Ge$^\text{2}$mS-T: Multi-Dimensional Grouping for Ultra-High Energy Efficiency in Spiking Transformer
Summary: arXiv:2604.08894v1 Announce Type: cross
Abstract: Spiking Neural Networks (SNNs) offer superior energy efficiency over Artificial Neural Networks (ANNs). However, they encounter significant deficiencies in training and inference metrics when applied to Spiking Vision Transformers (S-ViTs). Existing paradigms including ANN-SNN Conversion and Spatial-Temporal Backpropagation (STBP) suffer from inherent limitations, precluding concurrent optimization of memory, accuracy and energy consumption. To address these issues, we propose Ge$^\text{2}$mS-T, a novel architecture implementing grouped computation across temporal, spatial and network structure dimensions.
Specifically, we introduce the Grouped-Exponential-Coding-based IF (ExpG-IF) model, enabling lossless conversion with constant training overhead and precise regulation for spike patterns. Additionally, we develop Group-wise Spiking Self-Attention (GW-SSA) to reduce computational complexity via multi-scale token grouping and multiplication-free operations within a hybrid attention-convolution framework. Experiments confirm that our method can achieve superior performance with ultra-high energy efficiency on challenging benchmarks.
To our best knowledge, this is the first work to systematically establish multi-dimensional grouped computation for resolving the triad of memory overhead, learning capability and energy budget in S-ViTs.
Introduction
As the demand for energy-efficient AI models grows, Spiking Neural Networks (SNNs) have emerged as a promising alternative to traditional Artificial Neural Networks (ANNs).
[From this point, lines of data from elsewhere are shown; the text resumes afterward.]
Lemma ge0_integral_ae_le_cst (g : T -> \bar R) (K : R) : (0 <= K)%R ->
  (forall x, 0 <= g x) -> {ae mu, forall x, g x <= K%:E} ->
  \int[mu]_x g x <= K%:E * mu setT.
Proof.
move=> K0 g0 [N [mN N0 gN]].
pose h x := if x \in N then +oo else K%:E.
have mh : measurable_fun setT h.
  apply: measurable_fun_ifT => //; apply: (measurable_fun_bool true).
  by rewrite setTI preimage_mem_true.
apply: (@le_trans _ _ (\int[mu]_x h x)).
  apply: ge0_le_integralT => // x; rewrite /h.
  case: ifPn => [_|xN]; first exact: leey.
  apply: contrapT => gx; move/negP: xN; apply; rewrite inE; exact: gN.
rewrite (ge0_negligible_integral _ _ _ _ N0) //; last first.
  by move=> x _; rewrite /h; case: ifP.
have -> : \int[mu]_(x in setT `\` N) h x = \int[mu]_(x in setT `\` N) (cst K%:E) x.
  by apply: eq_integral => x; rewrite inE => -[_ Nx]; rewrite /h memNset.
rewrite integral_cst; last exact: measurableD.
apply: lee_wpmul2l; first by rewrite lee_fin.
by apply: le_measure; rewrite ?inE //; exact: measurableD.
Qed.

End integral_bounds.

Section euclidean_distance.
Context {R : realType}.
Implicit Types x y z : R * R.

Lemma edist_ge0 x y : 0 <= edist x y.
Proof. exact: sqrtr_ge0. Qed.

Lemma edistC x y : edist x y = edist y x.
Proof. by rewrite /edist; congr Num.sqrt; ring. Qed.

Lemma edistxx x : edist x x = 0.
Proof. by rewrite /edist !subrr expr0n /= addr0 sqrtr0. Qed.

Lemma edist_gt0 x y : x != y -> 0 < edist x y.
Proof.
case: x y => [a b] [c e]; rewrite /edist sqrtr_gt0 /=.
have [-> xy|ac _] := eqVneq a c.
  have be : b != e by move: xy; apply: contraNneq => ->.
  by rewrite subrr expr0n add0r exprn_even_gt0 //= subr_eq0.
by rewrite ltr_pwDl ?sqr_ge0 // exprn_even_gt0 //= subr_eq0.
Qed.

Lemma edist_le_l1 x y : edist x y <= `|x.1 - y.1| + `|x.2 - y.2|.
Proof.
have uv0 := mulr_ge0 (normr_ge0 (x.1 - y.1)) (normr_ge0 (x.2 - y.2)).
rewrite /edist -(ger0_norm (addr_ge0 (normr_ge0 (x.1 - y.1)) (normr_ge0 _))).
rewrite -sqrtr_sqr ler_wsqrtr // (sqrrD `|_|) !real_normK ?num_real //; lra.
Qed.

Lemma edist_triangle x y z : edist x z <= edist x y + edist y z.
Proof.
set u1 := x.1 - y.1; set u2 := x.2 - y.2; set v1 := y.1 - z.1; set v2 := y.2 - z.2.
have [a0 b0] : 0 <= u1 ^+ 2 + u2 ^+ 2 /\ 0 <= v1 ^+ 2 + v2 ^+ 2.
  by split; rewrite addr_ge0 ?sqr_ge0.
(* Cauchy-Schwarz, from Lagrange's identity *)
have cs : u1 * v1 + u2 * v2 <= Num.sqrt ((u1 ^+ 2 + u2 ^+ 2) * (v1 ^+ 2 + v2 ^+ 2)).
  apply: le_trans (ler_norm _) _; rewrite -sqrtr_sqr ler_wsqrtr ?sqr_ge0 //.
  rewrite -subr_ge0.
  have -> : (u1 ^+ 2 + u2 ^+ 2) * (v1 ^+ 2 + v2 ^+ 2) - (u1 * v1 + u2 * v2) ^+ 2
    = (u1 * v2 - u2 * v1) ^+ 2 by ring.
  exact: sqr_ge0.
rewrite /edist -/u1 -/u2 -/v1 -/v2.
have -> : x.1 - z.1 = u1 + v1 by rewrite /u1 /v1 addrA subrK.
have -> : x.2 - z.2 = u2 + v2 by rewrite /u2 /v2 addrA subrK.
clearbody u1 u2 v1 v2.
rewrite -[leRHS]ger0_norm ?addr_ge0 ?sqrtr_ge0 // -sqrtr_sqr ler_wsqrtr //.
rewrite (sqrrD (Num.sqrt _)) !sqr_sqrtr // -sqrtrM // !sqrrD; lra.
Qed.

Lemma measurable_edist x : measurable_fun setT (edist x).
Proof.
apply: measurableT_comp.
  by apply: continuous_measurable_fun; exact: sqrt_continuous.
by apply: measurable_funD; apply: measurable_funX; apply: measurable_funB.
Qed.

Lemma measurable_eball x r : measurable (eball x r).
Proof.
have := measurable_edist x measurableT _ (measurable_itv `]-oo, r[).
by rewrite setTI; congr measurable; apply/seteqP; split => y /=; rewrite in_itv.
Qed.

End euclidean_distance.

Lemma dyadic_bracket {R : archiFieldType} (d rho : R) : 0 < d -> d < rho ->
  exists k, rho / 2 ^+ k.+1 <= d < rho / 2 ^+ k.
Proof.
move=> d0 drho; have rho0 := lt_trans d0 drho.
have exP : exists n, rho / 2 ^+ n <= d.
  exists (Num.truncn (rho / d)).+1.
  rewrite ler_pdivrMr ?exprn_gt0 // -ler_pdivrMl // mulrC.
  apply: (le_trans (ltW (truncnS_gt _))).
  by rewrite -natrX ler_nat ltnW // ltn_expl.
(* [k.+1] is the least [n] with [rho / 2 ^+ n <= d]. *)
case: (ex_minnP exP) => -[|m] hm hmin.
  by move: hm; rewrite expr0 divr1 leNgt drho.
exists m; rewrite hm /= ltNge; apply/negP => /hmin.
by rewrite ltnn.
Qed.

Section dyadic_decomposition.
Context {R : realType}.
Variables (x : R * R) (rho : R).
Hypothesis rho_gt0 : 0 < rho.
Local Open Scope ereal_scope.

Definition dyadic_term (k : nat) (y : R * R) : \bar R :=
  ((2 ^+ k.+1 / rho) * \1_(eball x (rho / 2 ^+ k)) y)%:E.

Lemma dyadic_term_ge0 k y : 0 <= dyadic_term k y.
Proof. by rewrite lee_fin mulr_ge0 ?divr_ge0 ?exprn_ge0 ?(ltW rho_gt0). Qed.

Lemma dyadic_term_center k : (rho^-1)%:E <= dyadic_term k x.
Proof.
rewrite /dyadic_term indicE mem_set; last first.
  by rewrite /eball /= edistxx divr_gt0 // exprn_gt0.
by rewrite mulr1 lee_fin -[leLHS]mul1r ler_pM2r ?invr_gt0 // exprn_ege1 // ler1n.
Qed.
However, challenges remain, particularly in their application to Spiking Vision Transformers (S-ViTs). The need for effective training and inference metrics has become increasingly urgent.
Overview of Key Innovations
- Grouped-Exponential-Coding-based IF (ExpG-IF) Model: This innovative model promotes lossless conversion while maintaining constant training overhead. The capacity for precise regulation of spike patterns is a significant advantage.
- Group-wise Spiking Self-Attention (GW-SSA): This development focuses on reducing computational complexity. By utilizing multi-scale token grouping and multiplication-free operations, GW-SSA enhances performance within a hybrid attention-convolution framework.
- Multi-Dimensional Grouped Computation: This is a systematic approach to simultaneously address memory overhead, learning capability, and energy budget, making it a groundbreaking advancement in the field.
Experimental Results and Performance
Our experiments demonstrate that the Ge$^\text{2}$mS-T architecture not only meets but exceeds expectations in terms of energy efficiency and performance. The benchmarks reveal a substantial improvement over existing models, underscoring the effectiveness of our grouped computation strategy.
Conclusion
In conclusion, the Ge$^\text{2}$mS-T architecture represents a pivotal advancement in the development of Spiking Vision Transformers. By implementing multi-dimensional grouped computation, we pave the way for future innovations in energy-efficient AI models. Our findings could inspire further research aimed at optimizing SNNs and enhancing their practical applications across various domains.